Well, that had been… preeeetty pitiful, all things considered.

The night’s many adventures left him extremely drained, and what did Magnesia actually have to show for it? Literally nothing. He was alive. That was something, he supposed.

But the energy he’d drained had dissipated into the ******** ether because he’d let some civilian get a little too snippy with him. He’d had to eat the starseed he snatched, because- because he’d felt like it in the moment, and Magnesia didn’t have a great explanation beyond that (it was that Senshi’s magic that made him do it. Had to be). He hadn’t even taken that pink-haired guy’s life, and Mag had definitely been about to, if he’d caught him.

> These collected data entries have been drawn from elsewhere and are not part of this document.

(* The lexicographically least infinite binary overlap-free word is $001001\,\overline{\mathbf{t}}$.
   Context: An overlap is a word $axaxa$ with $a$ a letter and $x$ a (possibly empty) word; a word is overlap-free if it contains no overlap as a factor. $\mu$ is the morphism $0\mapsto01$, $1\mapsto10$ on $\{0,1\}$, and $\overline{\mathbf{t}}=\mu^\omega(1)=1001011001101001\cdots$ is the fixed point of $\mu$ beginning with $1$. Infinite binary words are ordered lexicographically with $0<1$. *)

From mathcomp Require Import all_boot.
Set Implicit Arguments. Unset Strict Implicit. Unset Printing Implicit Defensive.

(* Binary alphabet {0,1} encoded as bool: 0 = false, 1 = true.
   Infinite binary words are functions nat -> bool. *)
Definition infword := nat -> bool.

Definition is_overlap (u : seq bool) : Prop :=
  exists (a : bool) (x : seq bool), u = [:: a] ++ x ++ [:: a] ++ x ++ [:: a].

Definition factor_of (u : seq bool) (w : infword) : Prop :=
  exists i : nat, u = mkseq (fun k => w (i + k)) (size u).

Definition overlap_free (w : infword) : Prop :=
  forall u : seq bool, factor_of u w -> ~ is_overlap u.

Definition mu (s : seq bool) : seq bool := flatten (map (fun b => [:: b; ~~ b]) s).

(* tbar = mu^omega(1): its n-th letter is the n-th letter of mu^(n+1)(1),
   a word of length 2^(n+1) > n which is a prefix of tbar. *)
Definition tbar : infword := fun n => nth false (iter n.+1 mu [:: true]) n.

Definition prepend (p : seq bool) (w : infword) : infword :=
  fun n => if n < size p then nth false p n else w (n - size p).

Definition lex_lt (u v : infword) : Prop :=
  exists n : nat, (forall k, k < n -> u k = v k) /\ u n = false /\ v n = true.
Definition lex_le (u v : infword) : Prop := (forall n, u n = v n) \/ lex_lt u v.

From mathcomp Require Import all_boot zify.
From Stdlib Require Import Classical.
Set Implicit Arguments. Unset Strict Implicit. Unset Printing Implicit Defensive.

(* The word 001001.tbar lies in a finite family of words l.tbar ([desubst_family]), each of
   which is, from some position s on, the mu-image of another member.  In a mu-image an overlap
   of odd period is impossible, and one of even period 2q starting at s-1 or later
   desubstitutes to an overlap of period q in a member of the family; induction on the period
   shows that the whole family is overlap-free.

   For minimality, let y be overlap-free and first differ from 001001.tbar by a 0 against a 1.
   In an overlap-free word the squares aa of letters (away from the first position) all start at
   positions of the same parity, so once y contains such a square it is a mu-image from any
   position of the other parity.  Desubstituting y and 001001.tbar together three times gives
   an overlap-free word starting with 1 and lexicographically below tbar, which is impossible
   since tbar = mu(tbar) is the least such word by the same argument.  First differences before
   position 18 are excluded by a finite search. *)

Lemma mkseqD (T : Type) (f : nat -> T) m n :
  mkseq f (m + n) = mkseq f m ++ mkseq (fun k => f (m + k)) n.
Proof. by rewrite /mkseq iotaD map_cat -[0 + m]addnC iotaDl -map_comp. Qed.

Lemma mu_cat s1 s2 : mu (s1 ++ s2) = mu s1 ++ mu s2.
Proof. by rewrite /mu map_cat flatten_cat. Qed.

Lemma size_mu s : size (mu s) = (size s).*2.
Proof. by elim: s => [|b s IH] //=; rewrite IH. Qed.

Lemma nth_mu s k : k < size s ->
  nth false (mu s) k.*2 = nth false s k /\ nth false (mu s) k.*2.+1 = ~~ nth false s k.
Proof. by elim: s k => [|b s IH] [|k] //= /IH. Qed.

Lemma size_iter_mu j s : size (iter j mu s) = size s * 2 ^ j.
Proof. by elim: j => [|j IH]; rewrite ?muln1 // iterS size_mu IH expnS; lia. Qed.

Lemma iter_mu_prefix j : exists t, iter j.+1 mu [:: true] = iter j mu [:: true] ++ t.
Proof.
elim: j => [|j [t Ht]]; first by exists [:: false].
by exists (mu t); rewrite [LHS]iterS {1}Ht mu_cat.
Qed.

Lemma nth_iter_mu_le j j' k : j <= j' -> k < 2 ^ j ->
  nth false (iter j' mu [:: true]) k = nth false (iter j mu [:: true]) k.
Proof.
move=> + Hk; elim: j' => [|j' IH]; first by rewrite leqn0 => /eqP->.
rewrite leq_eqVlt ltnS => /predU1P [<- //|Hj]; rewrite -IH //.
have [t ->] := iter_mu_prefix j'.
by rewrite nth_cat size_iter_mu mul1n (leq_trans Hk) // leq_exp2l.
Qed.

Lemma ltn_exp2S k : k < 2 ^ k.+1.
Proof. by rewrite (leq_trans (ltn_expl k (ltnSn 1))) // leq_exp2l. Qed.

Lemma tbar_iter_mu j k : k < 2 ^ j -> tbar k = nth false (iter j mu [:: true]) k.
Proof.
have Hk := ltn_exp2S k.
move=> Hkj; rewrite /tbar -(@nth_iter_mu_le k.+1 (maxn j k.+1)) ?leq_maxr //.
by rewrite (@nth_iter_mu_le j) ?leq_maxl.
Qed.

But it hadn’t happened like that, because the stupid Senshi somehow managed to put a swarm of magical gargoyles in between himself and Magnesia, and even though they weren’t big and tough individually, they were many and stony, and Mag didn’t jive with being pelted with rocks.

The agent he’d enlisted for assistance had been the wrong choice, and even though they’d both made it out fine... The night could’ve gone better. There were surely infinite ways it could’ve gone better, and as far as Mag figured, not very many ways it could’ve gone worse.

Just… sort of sucked.

He’d made his report about Stupid Pink Hair for the Database, and then retreated quickly to his little room in the barracks.

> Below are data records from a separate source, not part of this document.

Lemma eball_convex (c a b : 'cV[R]_k) rho t :
  eball c rho a -> eball c rho b -> 0 <= t <= 1 -> eball c rho (a + t *: (b - a)).
Proof.
rewrite /eball /= => ha hb /andP[t0 t1].
have -> : a + t *: (b - a) - c = (1 - t) *: (a - c) + t *: (b - c).
  by apply/matrixP => i j; rewrite !mxE; ring.
apply: le_trans (ler_enormD _ _) _; rewrite !enormZ !ger0_norm ?subr_ge0 //.
have : (1 - t) * enorm (a - c) <= (1 - t) * rho by rewrite ler_wpM2l ?subr_ge0.
have : t * enorm (b - c) <= t * rho by rewrite ler_wpM2l.
lra.
Qed.

Lemma eball_of_near {c x z : 'cV[R]_k} {rho : R} :
  eball c (rho / 2) x -> enorm (x - z) <= rho / 2 -> eball c rho z.
Proof.
rewrite /eball /= => xc xz; rewrite (le_trans (ler_enorm_distD _ x _)) // enorm_distC.
by rewrite [rho]splitr lerD.
Qed.

End SupAndDistance.

Section MeanValue.
Context {R : realType} {m n : nat}.

Lemma dot_differentiable (u : 'cV[R]_m) x :
  differentiable (dot u) x /\ 'd (dot u) x = dot u :> ('cV[R]_m -> R).
Proof.
have dot_lin : linear (dot u) by move=> a v w; rewrite dotDr dotZr.
pose dotL : {linear 'cV[R]_m -> R} := HB.pack (dot u) (GRing.isLinear.Build _ _ _ _ _ dot_lin).
have dot_cont : continuous (dot u).
  have -> : dot u = \sum_(i < m) (fun v : 'cV[R]_m => u i 0 *: (v i 0 : R)).
    by apply/funext => v; rewrite /dot fct_sumE; apply: eq_bigr.
  move=> y; apply: differentiable_continuous; apply: differentiable_sum => i.
  exact/differentiableZ/differentiable_coord.
rewrite -[dot u]/(dotL : _ -> _).
by split; [exact: linear_differentiable | exact: diff_lin].
Qed.
(* Let $\mathcal{C}$ be an abelian category and $\mathcal{A}$ the abelian category whose objects are complexes $[A\xrightarrow{f}B\xrightarrow{g}C]$ in $\mathcal{C}$ (degrees $-2,-1,0$) with $f$ injective and $\operatorname{Ker} g=\operatorname{Im} f$, morphisms being chain maps modulo homotopy. If $[D\to I\to J]$ is an object of $\mathcal{A}$ with $I$ and $J$ injective objects of $\mathcal{C}$, then $[D\to I\to J]$ is an injective object of $\mathcal{A}$.
   Context: $\mathcal{A}$ is the heart of the $t$-structure on $K^b(\mathcal{C})$ with $D^{\leq 0}=\{X: X^i=0,\ i>0\}$ and $D^{\geq 0}=\{X: X^i=0,\ i<-2,\ H^{-2}(X)=H^{-1}(X)=0\}$. *)

From mathcomp Require Import all_boot all_algebra.
Set Implicit Arguments. Unset Strict Implicit. Unset Printing Implicit Defensive.
Import GRing.Theory.
Local Open Scope ring_scope.

Record PreAdd := {
  Ob : Type;
  Hom : Ob -> Ob -> zmodType;
  comp : forall X Y Z : Ob, Hom Y Z -> Hom X Y -> Hom X Z;
  idm : forall X : Ob, Hom X X;
  compA : forall X Y Z W (h : Hom Z W) (g : Hom Y Z) (f : Hom X Y),
      comp h (comp g f) = comp (comp h g) f;
  comp1m : forall X Y (f : Hom X Y), comp (idm Y) f = f;
  compm1 : forall X Y (f : Hom X Y), comp f (idm X) = f;
  compDl : forall X Y Z (g1 g2 : Hom Y Z) (f : Hom X Y),
      comp (g1 + g2) f = comp g1 f + comp g2 f;
  compDr : forall X Y Z (g : Hom Y Z) (f1 f2 : Hom X Y),
      comp g (f1 + f2) = comp g f1 + comp g f2
}.

Arguments comp {p X Y Z}.
Arguments idm {p}.
Arguments Hom : clear implicits.

Section Basic.
Variable C : PreAdd.

Definition mono X Y (f : Hom C X Y) : Prop :=
  forall W (u v : Hom C W X), comp f u = comp f v -> u = v.
Definition epi X Y (f : Hom C X Y) : Prop :=
  forall W (u v : Hom C Y W), comp u f = comp v f -> u = v.

Definition is_kernel X Y K (f : Hom C X Y) (k : Hom C K X) : Prop :=
  comp f k = 0 /\
  forall W (h : Hom C W X), comp f h = 0 ->
    exists u : Hom C W K, comp k u = h /\ forall u', comp k u' = h -> u' = u.

Definition is_cokernel X Y Q (f : Hom C X Y) (q : Hom C Y Q) : Prop :=
  comp q f = 0 /\
  forall W (h : Hom C Y W), comp h f = 0 ->
    exists u : Hom C Q W, comp u q = h /\ forall u', comp u' q = h -> u' = u.

Definition is_zero_obj (Z : Ob C) : Prop := idm Z = 0.

Definition is_biproduct (X Y P : Ob C) (i1 : Hom C X P) (i2 : Hom C Y P)
  (p1 : Hom C P X) (p2 : Hom C P Y) : Prop :=
  [/\ comp p1 i1 = idm X, comp p2 i2 = idm Y, comp p1 i2 = 0, comp p2 i1 = 0
    & comp i1 p1 + comp i2 p2 = idm P].

Definition abelian : Prop :=
  (exists Z, is_zero_obj Z) /\ [/\
      forall X Y, exists P i1 i2 p1 p2, @is_biproduct X Y P i1 i2 p1 p2,
      forall X Y (f : Hom C X Y), exists K (k : Hom C K X), is_kernel f k,
      forall X Y (f : Hom C X Y), exists Q (q : Hom C Y Q), is_cokernel f q,
      forall X Y (f : Hom C X Y), mono f -> exists Z (g : Hom C Y Z), is_kernel g f
    & forall X Y (f : Hom C X Y), epi f -> exists Z (g : Hom C Z X), is_cokernel g f].

Definition injective_obj (I : Ob C) : Prop :=
  forall X Y (m : Hom C X Y) (f : Hom C X I), mono m ->
    exists g : Hom C Y I, comp g m = f.

(* Objects of A: complexes [A --f--> B --g--> C] (degrees -2,-1,0) with f
   injective (mono) and Ker g = Im f, i.e. f is a kernel of g. *)
Record AObj := {
  cA : Ob C; cB : Ob C; cC : Ob C;
  cf : Hom C cA cB; cg : Hom C cB cC;
  cf_mono : mono cf;
  c_exact : is_kernel cg cf
}.

Record CMap (X Y : AObj) := {
  m2 : Hom C (cA X) (cA Y);
  m1 : Hom C (cB X) (cB Y);
  m0 : Hom C (cC X) (cC Y)
}.

Definition is_chain X Y (u : CMap X Y) : Prop :=
  comp (m1 u) (cf X) = comp (cf Y) (m2 u) /\
  comp (m0 u) (cg X) = comp (cg Y) (m1 u).

Definition ccomp X Y Z (v : CMap Y Z) (u : CMap X Y) : CMap X Z :=
  {| m2 := comp (m2 v) (m2 u); m1 := comp (m1 v) (m1 u); m0 := comp (m0 v) (m0 u) |}.

Definition homotopic X Y (u v : CMap X Y) : Prop :=
  exists (h1 : Hom C (cB X) (cA Y)) (h0 : Hom C (cC X) (cB Y)),
    [/\ m2 u - m2 v = comp h1 (cf X),
        m1 u - m1 v = comp (cf Y) h1 + comp h0 (cg X)
      & m0 u - m0 v = comp (cg Y) h0].

Definition A_mono X Y (u : CMap X Y) : Prop :=
  forall W (v w : CMap W X), is_chain v -> is_chain w ->
    homotopic (ccomp u v) (ccomp u w) -> homotopic v w.

Definition A_injective (E : AObj) : Prop :=
  forall X Y (i : CMap X Y) (phi : CMap X E),
    is_chain i -> A_mono i -> is_chain phi ->
    exists psi : CMap Y E, is_chain psi /\ homotopic (ccomp psi i) phi.

End Basic.

(* Let i : X -> Y be a monomorphism of A and phi : X -> E = [D -> I -> J] a
   chain map.  Testing i against the complexes [0 -> 0 -> K] shows that a map
   c : K -> C_X is a boundary (c = g_X a) as soon as (m0 i) c is one.  Apply
   this to the kernel K of s = (g_Y, m0 i) : B_Y (+) C_X -> C_Y: injectivity
   of I extends -(m1 phi) a along K -> B_Y (+) C_X to some chi, the map
   g_E chi + (m0 phi) p2 then kills K, so injectivity of J extends it along s
   to p : C_Y -> J.  The components of chi and p are the degree -1 and 0 parts
   of the extension of phi, and exactness of E supplies the missing degree -2
   part and the homotopy. *)
From mathcomp Require Import all_boot all_algebra.
Set Implicit Arguments. Unset Strict Implicit. Unset Printing Implicit Defensive.
Import GRing.Theory.
Local Open Scope ring_scope.

Section Preadditive.
Variable C : PreAdd.

Lemma comp0r X Y Z (g : Hom C Y Z) : comp g (0 : Hom C X Y) = 0.
Proof.
have H := compDr g (0 : Hom C X Y) 0; rewrite addr0 in H.
by apply: (addrI (comp g (0 : Hom C X Y))); rewrite addr0 -H.
Qed.

Lemma comp0l X Y Z (f : Hom C X Y) : comp (0 : Hom C Y Z) f = 0.
Proof.
have H := compDl (0 : Hom C Y Z) 0 f; rewrite addr0 in H.
by apply: (addrI (comp (0 : Hom C Y Z) f)); rewrite addr0 -H.
Qed.

Lemma compNl X Y Z (g : Hom C Y Z) (f : Hom C X Y) : comp (- g) f = - comp g f.
Proof. by apply: (addrI (comp g f)); rewrite -compDl !subrr comp0l. Qed.

Lemma compNr X Y Z (g : Hom C Y Z) (f : Hom C X Y) : comp g (- f) = - comp g f.
Proof. by apply: (addrI (comp g f)); rewrite -compDr !subrr comp0r. Qed.

Lemma compBl X Y Z (g1 g2 : Hom C Y Z) (f : Hom C X Y) :
  comp (g1 - g2) f = comp g1 f - comp g2 f.
Proof. by rewrite compDl compNl. Qed.

Lemma compBr X Y Z (g : Hom C Y Z) (f1 f2 : Hom C X Y) :
  comp g (f1 - f2) = comp g f1 - comp g f2.
Proof. by rewrite compDr compNr. Qed.

Lemma mono_comp X Y Z (g : Hom C Y Z) (f : Hom C X Y) :
  mono g -> mono f -> mono (comp g f).
Proof. by move=> mg mf W u v; rewrite -!compA => /mg /mf. Qed.

Lemma kernel_mono X Y K (f : Hom C X Y) (k : Hom C K X) : is_kernel f k -> mono k.
Proof.
move=> [fk0 univ] W u v ku_kv.
have fku0 : comp f (comp k u) = 0 by rewrite compA fk0 comp0l.
have [w [_ uniq_w]] := univ W _ fku0.
by rewrite (uniq_w u) // (uniq_w v).
Qed.

Lemma zero_obj_hom_to (Z : Ob C) W (u : Hom C W Z) : is_zero_obj Z -> u = 0.
Proof. by move=> HZ; rewrite -[u]comp1m HZ comp0l. Qed.

End Preadditive.

Section Abelian.
Variables (C : PreAdd) (HC : abelian C).

Lemma coimage_epi X Y R I (s : Hom C X Y) (c : Hom C Y R) (m : Hom C I Y)
    (e : Hom C X I) :
  is_cokernel s c -> is_kernel c m -> comp m e = s -> epi e.
Proof.
case: HC => _ [_ Hker _ Hmono_ker _] [_ univ_c] Hm me W u v ue_ve.
suff t0 : u - v = 0 by apply/eqP; rewrite -subr_eq0; apply/eqP.
set t := u - v.
have te0 : comp t e = 0 by rewrite /t compBl ue_ve subrr.
have [K' [j [tj0 univ_j]]] := Hker _ _ t.
have [e' [je' _]] := univ_j _ e te0.
have mj_mono : mono (comp m j).
  exact: mono_comp (kernel_mono Hm) (kernel_mono (conj tj0 univ_j)).
have [Z [r [rmj0 univ_r]]] := Hmono_ker _ _ _ mj_mono.
have rs0 : comp r s = 0 by rewrite -me -je' [comp m _]compA compA rmj0 comp0l.
have [r' [r'c _]] := univ_c _ r rs0.
have rm0 : comp r m = 0 by rewrite -r'c -compA (proj1 Hm) comp0r.
have [w [mjw _]] := univ_r _ m rm0.
have jw : comp j w = idm _ by apply: (kernel_mono Hm); rewrite compA mjw compm1.
by rewrite -[t]compm1 -jw compA tj0 comp0l.
Qed.

(* Factor s through its image m = ker (coker s) and extend along the mono m;
   the epi part e of s is the cokernel of its own kernel, through which
   psi factors. *)
Lemma injective_extend_along_kernel N Y J K (s : Hom C N Y) (k : Hom C K N)
    (psi : Hom C N J) :
  is_kernel s k -> injective_obj J -> comp psi k = 0 ->
  exists p : Hom C Y J, comp p s = psi.
Proof.
case: HC => _ [_ Hker Hcok _ Hepi] [_ univ_k] HJ psik0.
have [R [c Hc]] := Hcok _ _ s.
have [I [m Hm]] := Hker _ _ c.
have [e [me _]] := proj2 Hm _ s (proj1 Hc).
have [Z [g [eg0 univ_g]]] := Hepi _ _ e (coimage_epi Hc Hm me).
have sg0 : comp s g = 0 by rewrite -me -compA eg0 comp0r.
have [u' [ku' _]] := univ_k _ g sg0.
have psig0 : comp psi g = 0 by rewrite -ku' compA psik0 comp0l.
have [u [ue _]] := univ_g _ psi psig0.
have [p pm] := HJ _ _ m u (kernel_mono Hm).
by exists p; rewrite -me compA pm.
Qed.

End Abelian.

Section ConcentratedInDegree0.
Variables (C : PreAdd) (Z : Ob C) (HZ : is_zero_obj Z).

Lemma zero_obj_mono : mono (0 : Hom C Z Z).
Proof. by move=> W u v _; rewrite (zero_obj_hom_to u HZ) (zero_obj_hom_to v HZ). Qed.

Lemma zero_obj_is_kernel (K : Ob C) : is_kernel (0 : Hom C Z K) (0 : Hom C Z Z).
Proof.
split=> [|W h _]; first by rewrite comp0l.
exists h; split=> [|u' _]; last by rewrite (zero_obj_hom_to u' HZ) (zero_obj_hom_to h HZ).
by rewrite (zero_obj_hom_to (comp 0 h) HZ) (zero_obj_hom_to h HZ).
Qed.

Definition concentrated0 (K : Ob C) : AObj C :=
  {| cA := Z; cB := Z; cC := K; cf := 0; cg := 0;
     cf_mono := zero_obj_mono; c_exact := zero_obj_is_kernel K |}.

Lemma A_mono_boundary X Y (i : CMap X Y) K (c : Hom C K (cC X)) (b : Hom C K (cB Y)) :
  A_mono i -> comp (m0 i) c = comp (cg Y) b ->
  exists a : Hom C K (cB X), c = comp (cg X) a.
Proof.
move=> i_mono ic_bd.
pose test (c' : Hom C K (cC X)) := @Build_CMap C (concentrated0 K) X 0 0 c'.
have test_chain c' : is_chain (test c') by split; rewrite /= ?comp0l ?comp0r.
have : homotopic (ccomp i (test c)) (ccomp i (test 0)).
  by exists 0, b; rewrite /= !comp0r !subr0 ic_bd addr0.
case/(i_mono _ _ _ (test_chain c) (test_chain 0)) => _ [a [_ _]].
by rewrite /= subr0; exists a.
Qed.

End ConcentratedInDegree0.

Section ExtensionUpToHomotopy.
Variables (C : PreAdd) (E X Y : AObj C) (i : CMap X Y) (phi : CMap X E).
Hypotheses (i_chain : is_chain i) (phi_chain : is_chain phi).
Variables (x1 : Hom C (cB Y) (cB E)) (x2 : Hom C (cC X) (cB E))
  (p : Hom C (cC Y) (cC E)).
Hypotheses (p_gY : comp p (cg Y) = comp (cg E) x1)
  (p_i0 : comp p (m0 i) = m0 phi + comp (cg E) x2).

Lemma extension_up_to_homotopy :
  exists psi : CMap Y E, is_chain psi /\ homotopic (ccomp psi i) phi.
Proof.
have [[_ univ_fE] [gfY0 _]] := (c_exact E, c_exact Y).
have [gfX0 _] := c_exact X.
have [i_chain1 i_chain0] := i_chain; have [phi_chain1 phi_chain0] := phi_chain.
have : comp (cg E) (comp x1 (cf Y)) = 0 by rewrite compA -p_gY -compA gfY0 comp0r.
case/univ_fE => psi2 [fE_psi2 _].
exists (@Build_CMap C Y E psi2 x1 p); split; first by split; rewrite /= ?fE_psi2.
set h := comp x1 (m1 i) - m1 phi - comp x2 (cg X).
have : comp (cg E) h = 0.
  have gE_x1_i1 : comp (cg E) (comp x1 (m1 i)) =
      comp (m0 phi) (cg X) + comp (comp (cg E) x2) (cg X).
    by rewrite compA -p_gY -compA -i_chain0 compA p_i0 compDl.
  rewrite /h !compBr gE_x1_i1 -phi_chain0 [comp (cg E) (comp x2 _)]compA.
  by rewrite addrAC addrK subrr.
case/univ_fE => h1 [fE_h1 _].
exists h1, x2; split => /=.
- apply: (@cf_mono C E).
  rewrite compBr compA fE_psi2 -phi_chain1 [comp (cf E) (comp h1 _)]compA fE_h1.
  rewrite -[comp (comp x1 (cf Y)) _]compA -i_chain1 compA /h !compBl.
  by rewrite -[comp (comp x2 (cg X)) (cf X)]compA gfX0 comp0r subr0.
- by rewrite fE_h1 /h subrK.
- by rewrite p_i0 addrC addKr.
Qed.

End ExtensionUpToHomotopy.

Lemma injective_degree0_data (C : PreAdd) (HC : abelian C) (E X Y : AObj C)
    (i : CMap X Y) (phi : CMap X E) :
  injective_obj (cB E) -> injective_obj (cC E) -> A_mono i -> is_chain phi ->
  exists (x1 : Hom C (cB Y) (cB E)) (x2 : Hom C (cC X) (cB E))
         (p : Hom C (cC Y) (cC E)),
    comp p (cg Y) = comp (cg E) x1 /\ comp p (m0 i) = m0 phi + comp (cg E) x2.
Proof.
move=> HI HJ i_mono [_ phi_chain0].
have [[Z HZ] [Hbip Hker _ _ _]] := HC.
have [N [in1 [in2 [p1 [p2 [p1in1 p2in2 p1in2 p2in1 _]]]]]] := Hbip (cB Y) (cC X).
set s := comp (cg Y) p1 + comp (m0 i) p2.
have [K [k Hk]] := Hker _ _ s.
have [a p2k_bd] : exists a, comp p2 k = comp (cg X) a.
  apply: (A_mono_boundary HZ (b := - comp p1 k) i_mono); apply/eqP.
  by rewrite compNr -addr_eq0 addrC !compA -compDl (proj1 Hk).
have [chi chi_k] := HI _ _ k (- comp (m1 phi) a) (kernel_mono Hk).
set psi := comp (cg E) chi + comp (m0 phi) p2.
have psi_k0 : comp psi k = 0.
  by rewrite /psi compDl -!compA chi_k p2k_bd compNr !compA phi_chain0 addNr.
have [p p_s] := injective_extend_along_kernel HC Hk HJ psi_k0.
exists (comp chi in1), (comp chi in2), p; split.
- have <- : comp s in1 = cg Y by rewrite /s compDl -!compA p1in1 p2in1 compm1 comp0r addr0.
  by rewrite compA p_s /psi compDl -!compA p2in1 comp0r addr0.
- have <- : comp s in2 = m0 i by rewrite /s compDl -!compA p1in2 p2in2 comp0r add0r compm1.
  by rewrite compA p_s /psi compDl -!compA p2in2 compm1 addrC.
Qed.

Theorem proposition3p2 (C : PreAdd) (HC : abelian C) (E : AObj C) :
  injective_obj (cB E) -> injective_obj (cC E) -> A_injective E.
Proof.
move=> HI HJ X Y i phi i_chain i_mono phi_chain.
have [x1 [x2 [p [p_gY p_i0]]]] := injective_degree0_data HC HI HJ i_mono phi_chain.
exact (extension_up_to_homotopy i_chain phi_chain p_gY p_i0).
Qed.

A couple of hours ago he’d been thinking how it was ‘pretty ******** fine!’ to be doing the weird s**t in this war and working for the Negaverse and not really being human, anymore. It was different than what he imagined his life would be, but not worse-! But just a few short hours, and Magnesia was starting to think, ’Man, I coulda had a chill, normal night where I wasn’t assaulted by three different things.’ …He could’ve had a normal night, working his bland, underpaid job and eating cheap cup noodles and falling into his extremely worn mattress in his too-expensive crappy apartment in a terrible part of town.

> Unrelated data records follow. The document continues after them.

(* Let $S_4$ be the symmetric group of degree 4. The following d-identities form a basis of d-identities of $S_4$ (i.e. they all hold in $S_4$, and every group satisfying all of them is isomorphic to a section of $S_4$): (1) $\omega_{24}=\bigvee_{0\le i<j\le 24}(x_i=x_j)$; (2) $(x_1^4=1)\vee(x_2^4=1)\vee((x_1x_2)^4=1)\vee((x_1x_2^2)^4=1)$; (3) $(x^3=1)\vee(x^4=1)$; (4) $(x_1^6=1)\vee(x_2^6=1)\vee(x_1=x_2)\vee(x_1x_2=1)\vee((x_1x_2)^3=1)$; (5) $(x_1^3=1)\vee(x_2^3=1)\vee(x_3^3=1)\vee((x_1^{-1}x_2)^3=1)\vee((x_1^{-1}x_3)^3=1)\vee((x_2^{-1}x_3)^3=1)\vee\theta(x_1,x_2,x_3)$.
   Context: A d-identity (disjunctive identity) is a universally quantified formula $\forall x_1\dots x_k\,[(f_1=1)\vee\dots\vee(f_n=1)]$ with the $f_i$ words in the free group on the variables; $u=v$ abbreviates $uv^{-1}=1$. A group satisfies it if it is true for all assignments. For a group $G$, $\mathrm{dvar}(G)$ is the class of groups satisfying every d-identity satisfied by $G$; for finite $G$ it is the class of groups isomorphic to sections (quotients of subgroups) of $G$. A set of d-identities is a basis of d-identities of $G$ if all its members hold in $G$ and every group satisfying them lies in $\mathrm{dvar}(G)$. Notation: ''$u\in\langle v\rangle$'' abbreviates $(u=1)\vee(u=v)\vee(u=v^2)\vee(u=v^3)$, and $\theta(z_1,z_2,z_3)$ denotes $\Big[\bigvee_{i\ne j} z_i\in\langle z_j\rangle\Big]\vee\Big[\bigvee_{\sigma\in S_3} z_{\sigma(1)}\in\langle z_{\sigma(2)}z_{\sigma(3)}\rangle\Big]\vee\Big[\bigvee_{\sigma\in S_3} z_{\sigma(1)}z_{\sigma(2)}\in\langle z_{\sigma(2)}z_{\sigma(3)}\rangle\Big]$ with $i,j\in\{1,2,3\}$. *)

From mathcomp Require Import all_boot all_fingroup.
Set Implicit Arguments. Unset Strict Implicit. Unset Printing Implicit Defensive.

Record absgroup := AbsGroup {
  carrier :> Type;
  gmul : carrier -> carrier -> carrier;
  ginv : carrier -> carrier;
  gone : carrier;
  gmulA : forall x y z, gmul x (gmul y z) = gmul (gmul x y) z;
  gmul1 : forall x, gmul gone x = x;
  gmulV : forall x, gmul (ginv x) x = gone
}.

It wouldn’t have been fulfilling in any conceivable way, but he wouldn’t be physically and emotionally bruised and laying in a bed not-quite-long enough to accommodate the stupidly-long horns on his head or his stupidly-long dog-cat-dragon-lizard… ******** feet that just dangled limply off the edge of the mattress, and- Ugh.

UGH.

Why was it too much to ask for one single thing to go perfectly right, ever? Like, he guessed it didn’t matter if he was human or not because things were doomed to be ******** regardless, and at leats like this it was easier to get away with taking it out on someone.

…That shouldn’t be a perk. Magnesia knew it shouldn’t be a perk. It wasn’t a perk, but it would make his discontentment fade quicker if he could do an activity about it, and since he didn’t have any energy or starseeds to show for the night, it’d be back to the grind tomorrow. Maybe Stupid Pink Hair would show up again, and Magnesia would unload aaaaall of his frustrations about corporate America right into his stupid face.